Parent smartphone use has been associated with decreased responsiveness to children,1 fewer verbal and nonverbal interactions,2 and higher ratings of child externalizing behavior.3 However, existing studies are limited by use of brief (10–15 min) observations of parents using smartphones1,4 or rely on parent self-report,3 which may be biased by social desirability. In addition, self-report of smartphone use may be inaccurate due to the brief, intermittent ways users interact with mobile devices,5 which makes recall difficult.6
The purpose of this pilot study was to improve upon these measurement limitations by implementing a novel approach—passive mobile sensing—in order to objectively assess parent smartphone use over several days. Passive mobile sensing harnesses data already collected by mobile devices, such as application (“app”) or battery usage, and generates usage logs that are transmitted to cloud-based servers or can be emailed to research teams. This approach has promise for studying daily patterns of participant behavior,7 and has been used to document associations between higher iPhone usage and depression symptoms in adults;8 however, this method has not been used in research studies of parenting or child well-being. It is also a potential powerful research tool for studies examining mobile media use and health outcomes such as obesity and sleep, which have been linked to heavy media use in prior research.9
The aims of this pilot study were to: (1) test the feasibility and acceptability of passive sensing as a measure of smartphone use; (2) describe smartphone usage by parents of young children over the course of several days, including duration, checking frequency, and app content (e.g., social media, email); and (3) examine whether parents are accurate self-reporters of daily smartphone duration and checking frequency, compared to objective passive sensing output.

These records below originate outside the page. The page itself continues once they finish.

Definition dbl_le (T : finType) (le : rel T) (I : {set T}) : rel (dbl_type I) :=
  fun x y =>
    match x, y with
    | inl x', inl y' => le (val x') (val y')
    | inl x', inr (y', _) => le (val x') (val y')
    | inr (x', _), inl y' => le (val x') (val y')
    | inr (x', a), inr (y', b) => le (val x') (val y') && (a ==> b) (* a <= b in 2 = {false < true} *)
    end.

Inductive obtained_by_doubling : forall T : finType, rel T -> Prop :=
| obt_one : obtained_by_doubling (fun _ _ : unit => true)
| obt_double : forall (T : finType) (le : rel T) (I : {set T}),
    obtained_by_doubling le -> is_interval le I ->
    obtained_by_doubling (@dbl_le T le I).

Definition constructible_by_doubling (T : finType) (le : rel T) : Prop :=
  exists (T' : finType) (le' : rel T') (f : T' -> T),
    obtained_by_doubling le' /\ bijective f /\
    (forall x y, le' x y = le (f x) (f y)).

From mathcomp Require Import all_boot.
Set Implicit Arguments. Unset Strict Implicit. Unset Printing Implicit Defensive.

(* Split a triword of length n+1 into its prefix x, a triword of length n, and
   its last letter k.  The letter 0 can always be appended, 2 can be appended
   as soon as n >= 1, and 1 exactly when x has no letter 0, i.e. when x lies
   above 1...1; and the componentwise order compares prefixes and last letters
   separately.  Hence for n >= 1, Tr(n+1) arises from Tr(n) by first doubling
   all of Tr(n), which gives Tr(n) x 2 (last letters 0 < 2), and then doubling
   the interval [(1...1, 0), (top, 0)] to insert the last letter 1 in between.
   The chain Tr(1) = {0 < 1} is Tr(0) x 2, and Tr(0) has a single element. *)

Lemma obtained_poset (T : finType) (le : rel T) :
  obtained_by_doubling le -> reflexive le /\ antisymmetric le.
Proof.
elim=> {T le} [|T le I _ [refl anti] _]; first by split=> // [[] []].
split; first by case=> [x|[x a]] /=; rewrite refl ?implybb.
case=> [x|[x a]] [y|[y b]] /=.
- by move/anti=> xy; congr inl; apply: val_inj.
- by move/anti=> xy; move: (valP x) => /=; rewrite xy (valP y).
- by move/anti=> xy; move: (valP y) => /=; rewrite -xy (valP x).
- case/andP=> /andP[xy ab] /andP[yx ba].
  have -> : x = y by apply/val_inj/anti; rewrite xy.
  by case: a b ab ba => [] [].
Qed.

Lemma constructible_poset (T : finType) (le : rel T) :
  constructible_by_doubling le -> reflexive le /\ antisymmetric le.
Proof.
case=> T' [le' [f [/obtained_poset[refl anti] [[g fK gK] le_f]]]].
split=> [x|x y]; first by rewrite -[x]gK -le_f refl.
by rewrite -[x]gK -[y]gK -!le_f => /anti->.
Qed.

Lemma constructible_iso (T S : finType) (leT : rel T) (leS : rel S) (f : T -> S) :
  constructible_by_doubling leT -> bijective f ->
  {mono f : x y / leT x y >-> leS x y} -> constructible_by_doubling leS.
Proof.
case=> T' [le' [g [obt [g_bij le_g]]]] f_bij le_f.
exists T', le', (f \o g); split=> //; split; first exact: bij_comp.
by move=> x y; rewrite le_g le_f.
Qed.

Lemma constructible_mono_surj (T S : finType) (leT : rel T) (leS : rel S)
    (f : T -> S) :
  constructible_by_doubling leT -> {mono f : x y / leT x y >-> leS x y} ->
  (forall y, exists x, f x = y) -> constructible_by_doubling leS.
Proof.
move=> consT le_f f_surj; have [refl anti] := constructible_poset consT.
apply: (constructible_iso consT _ le_f).
have f_inj : injective f by move=> x y fxy; apply: anti; rewrite -!le_f fxy !le_f !refl.
apply: (inj_card_bij f_inj); rewrite -(card_codom f_inj).
by apply/subset_leq_card/subsetP=> y _; have [x <-] := f_surj y; apply: codom_f.
Qed.

Lemma constructible_double (T : finType) (le : rel T) (I : {set T}) :
  constructible_by_doubling le -> is_interval le I ->
  constructible_by_doubling (@dbl_le T le I).
Proof.
case=> T' [le' [f [obt [[g fK gK] le_f]]]] [a [b [le_ab I_ab]]].
pose I' := [set x | le' (g a) x && le' x (g b)].
have I'E x : (x \in I') = (f x \in I) by rewrite I_ab !inE !le_f !gK.
have f_out x : x \notin I' -> f x \notin I by rewrite I'E.
have f_in x : x \in I' -> f x \in I by rewrite I'E.
have g_out y : y \notin I -> g y \notin I' by rewrite I'E gK.
have g_in y : y \in I -> g y \in I' by rewrite I'E gK.
pose F (z : dbl_type I') : dbl_type I := match z with
  | inl x => inl (exist _ (f (val x)) (f_out _ (valP x)))
  | inr (x, c) => inr (exist _ (f (val x)) (f_in _ (valP x)), c) end.
pose G (z : dbl_type I) : dbl_type I' := match z with
  | inl y => inl (exist _ (g (val y)) (g_out _ (valP y)))
  | inr (y, c) => inr (exist _ (g (val y)) (g_in _ (valP y)), c) end.
exists (dbl_type I'), (@dbl_le T' le' I'), F; split; last split.
- by apply: obt_double => //; exists (g a), (g b); rewrite le_f !gK.
- exists G; case=> [x|[x c]] /=; congr (_ _); try congr (_, _);
    by apply: val_inj => /=; rewrite ?fK ?gK.
- by case=> [x|[x c]] [y|[y d]]; rewrite /= le_f.
Qed.

Definition prod2_le (T : finType) (le : rel T) : rel (T * bool) :=
  fun x y => le x.1 y.1 && (x.2 ==> y.2).

Lemma constructible_prod2 (T : finType) (le : rel T) (bot top : T) :
  (forall x, le bot x) -> (forall x, le x top) ->
  constructible_by_doubling le -> constructible_by_doubling (prod2_le le).
Proof.
move=> le_bot le_top consT.
have intT : is_interval le [set: T].
  by exists bot, top; split=> //; apply/setP=> x; rewrite !inE le_bot le_top.
(* The left summand of [dbl_type [set: T]] is empty. *)
pose f (z : dbl_type [set: T]) := if z is inr (x, b) then (val x, b) else (top, true).
apply: (constructible_mono_surj (constructible_double consT intT) (f := f)).
- have outT (x : {x | x \notin [set: T]}) : False by case: x => x; rewrite in_setT.
  by case=> [x|[x a]] [y|[y b]]; try case: (outT x); try case: (outT y).
- by case=> x b; exists (inr (exist _ x (in_setT x), b)).
Qed.

Lemma forall_andb (T : finType) (P Q : pred T) :
  [forall x, P x && Q x] = [forall x, P x] && [forall x, Q x].
Proof.
apply/forallP/andP=> [PQ|[/forallP Px /forallP Qx] x]; last by rewrite Px Qx.
by split; apply/forallP=> x; case/andP: (PQ x).
Qed.

Lemma forall_ordS (n : nat) (P : pred 'I_n.+1) :
  [forall i, P i] = P ord_max && [forall j : 'I_n, P (lift ord_max j)].
Proof.
apply/forallP/andP=> [P_all|[P_max /forallP P_lift] i].
  by split=> //; apply/forallP.
by case: (unliftP ord_max i) => [j|] ->.
Qed.

Lemma val_lift_max n (j : 'I_n) : val (lift ord_max j) = val j.
Proof. exact: lift_max. Qed.

Definition extw n (x : {ffun 'I_n -> 'I_3}) (k : 'I_3) : {ffun 'I_n.+1 -> 'I_3} :=
  [ffun i => if unlift ord_max i is Some j then x j else k].

Definition prefw n (v : {ffun 'I_n.+1 -> 'I_3}) : {ffun 'I_n -> 'I_3} :=
  [ffun j => v (lift ord_max j)].

Section Extension.
Variables (n : nat) (x : {ffun 'I_n -> 'I_3}) (k : 'I_3).

Lemma extw_lift j : extw x k (lift ord_max j) = x j.
Proof. by rewrite ffunE liftK. Qed.

Lemma extw_max : extw x k ord_max = k.
Proof. by rewrite ffunE unlift_none. Qed.

Lemma triword_extw :
  triword (extw x k) = [&& triword x, (n == 0) ==> (val k != 2)
                         & (val k == 1) ==> [forall j, val (x j) != 0]].
Proof.
have first_letter : [forall i, (val i == 0) ==> (val (extw x k i) != 2)] =
    ((n == 0) ==> (val k != 2)) && [forall j, (val j == 0) ==> (val (x j) != 2)].
  rewrite forall_ordS extw_max; congr (_ && _).
  by apply: eq_forallb => j; rewrite extw_lift val_lift_max.
have no_late_one : [forall i : 'I_n.+1, forall j : 'I_n.+1,
      ((i < j) && (val (extw x k i) == 0)) ==> (val (extw x k j) != 1)] =
    [forall i, (val (x i) == 0) ==> (val k != 1)] &&
    [forall i : 'I_n, forall j : 'I_n,
       ((i < j) && (val (x i) == 0)) ==> (val (x j) != 1)].
  rewrite forall_ordS [X in X && _](_ : _ = true) ?andTb; last first.
    by apply/forallP=> j; rewrite ltnNge -ltnS ltn_ord.
  rewrite -forall_andb; apply: eq_forallb => i.
  rewrite forall_ordS extw_max !extw_lift !lift_max ltn_ord; congr (_ && _).
  by apply: eq_forallb => j; rewrite extw_lift lift_max.
rewrite /triword first_letter no_late_one.
have -> : [forall i, (val (x i) == 0) ==> (val k != 1)] =
          (val k == 1) ==> [forall j, val (x j) != 0].
  case: (val k == 1); last by apply/forallP=> i; rewrite implybT.
  by apply: eq_forallb => i; rewrite implybF.
by case: (_ ==> _) (_ ==> _) => [] []; rewrite ?andbT ?andbF.
Qed.
End Extension.

Lemma extw_prefw n (v : {ffun 'I_n.+1 -> 'I_3}) : extw (prefw v) (v ord_max) = v.
Proof. by apply/ffunP=> i; rewrite ffunE; case: unliftP => [j ->|->]; rewrite ?ffunE. Qed.

Definition tri0 : 'I_3 := @Ordinal 3 0 isT.
Definition tri1 : 'I_3 := @Ordinal 3 1 isT.
Definition tri2 : 'I_3 := @Ordinal 3 2 isT.

Lemma triword_const n (c : 'I_3) : val c != 2 -> triword [ffun _ : 'I_n => c].
Proof.
move=> c_ne2; apply/andP; split; apply/forallP=> i.
  by rewrite ffunE implybE c_ne2 orbT.
apply/forallP=> j; rewrite !ffunE.
by case: c c_ne2 => [[|[|[|m]]] ?]; rewrite /= ?implybT ?andbF.
Qed.

Lemma triword_top n : triword [ffun i : 'I_n => if val i == 0 then tri1 else tri2].
Proof.
apply/andP; split; apply/forallP=> i; rewrite ffunE; first by case: (val i == 0).
apply/forallP=> j; rewrite ffunE.
by case: (val i == 0); case: (val j == 0); rewrite ?andbF.
Qed.

Definition trbot n : Tr n := Sub _ (triword_const n (c := tri0) isT).
Definition trones n : Tr n := Sub _ (triword_const n (c := tri1) isT).
Definition trtop n : Tr n := Sub _ (triword_top n).

Section TriwordOrder.
Variable n : nat.
Implicit Types x y z : Tr n.

Lemma trle_trans : transitive (@trle n).
Proof.
move=> y x z /forallP xy /forallP yz; apply/forallP=> i.
exact: leq_trans (xy i) (yz i).
Qed.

Parents took part in a 2-week study that involved completing surveys at enrollment, installing a passive sensing app, and completing a media use recall survey upon app uninstallation. Parents were compensated US$50 for their participation. The study was approved by the University of Michigan Medical School Institutional Review Board.
We recruited English-speaking parents via a university research participant registry to participate in a study in which they would “download a mobile device use tracking application on their smartphone.” Parents were eligible to participate if they: (1) had a child age 12 months to 5 years, (2) were biological or custodial parent, (3) lived with the child at least 5 days per week, (4) and used an Android smartphone or iPhone (the two main smartphone operating systems).10 After providing informed consent, 87 parents completed surveys reporting their demographic characteristics and depression symptoms11 and installed a passive sensing app on their smartphone (Moment for iPhones, Minuku12 for Android) for 14 days (see Supplementary Appendix for additional information about passive sensing apps).
Moment is a commercially available app used in prior research,8 which records screen on/off status to provide daily estimates of smartphone use duration (i.e., minutes screen is on) and number of pickups (i.e., screen turns from off to on). Moment also prompts users to take a screenshot of their battery usage, which undergoes image recognition to generate output of the average minutes/day each app was used. Users can export their usage data in json file format, which we instructed them to email to our secure laboratory email account.
Minuku is a prototype passive sensing app developed at the University of Michigan (PI: Chang, Newman) designed to query the Android UsageStatsManager library (https://developer.android.com/reference/android/app/usage/UsageStatsManager) every 5 s to obtain app usage history and statistics. Data are automatically sent to cloud-based storage, from which they are downloaded by the research team. We opted to use the Minuku app because of its simple data structure and because commercially available app trackers for Android devices do not allow exporting data to research teams. Minuku datafiles, which include screen on/off status, name of app last running in the foreground, and timestamp of last app usage, were automatically transmitted to a secure cloud-based server and downloaded by the researchers after 14 days. We calculated the difference between each timestamp and summed all instances when the screen was on to obtain overall duration of usage, and duration of each specific app, per day. Each time the screen status changed from off to on was considered a pickup, from which we calculated daily pickup counts. We then calculated average daily duration of smartphone use, average daily pickup frequency, and average daily minutes of eight different app categories for each participant.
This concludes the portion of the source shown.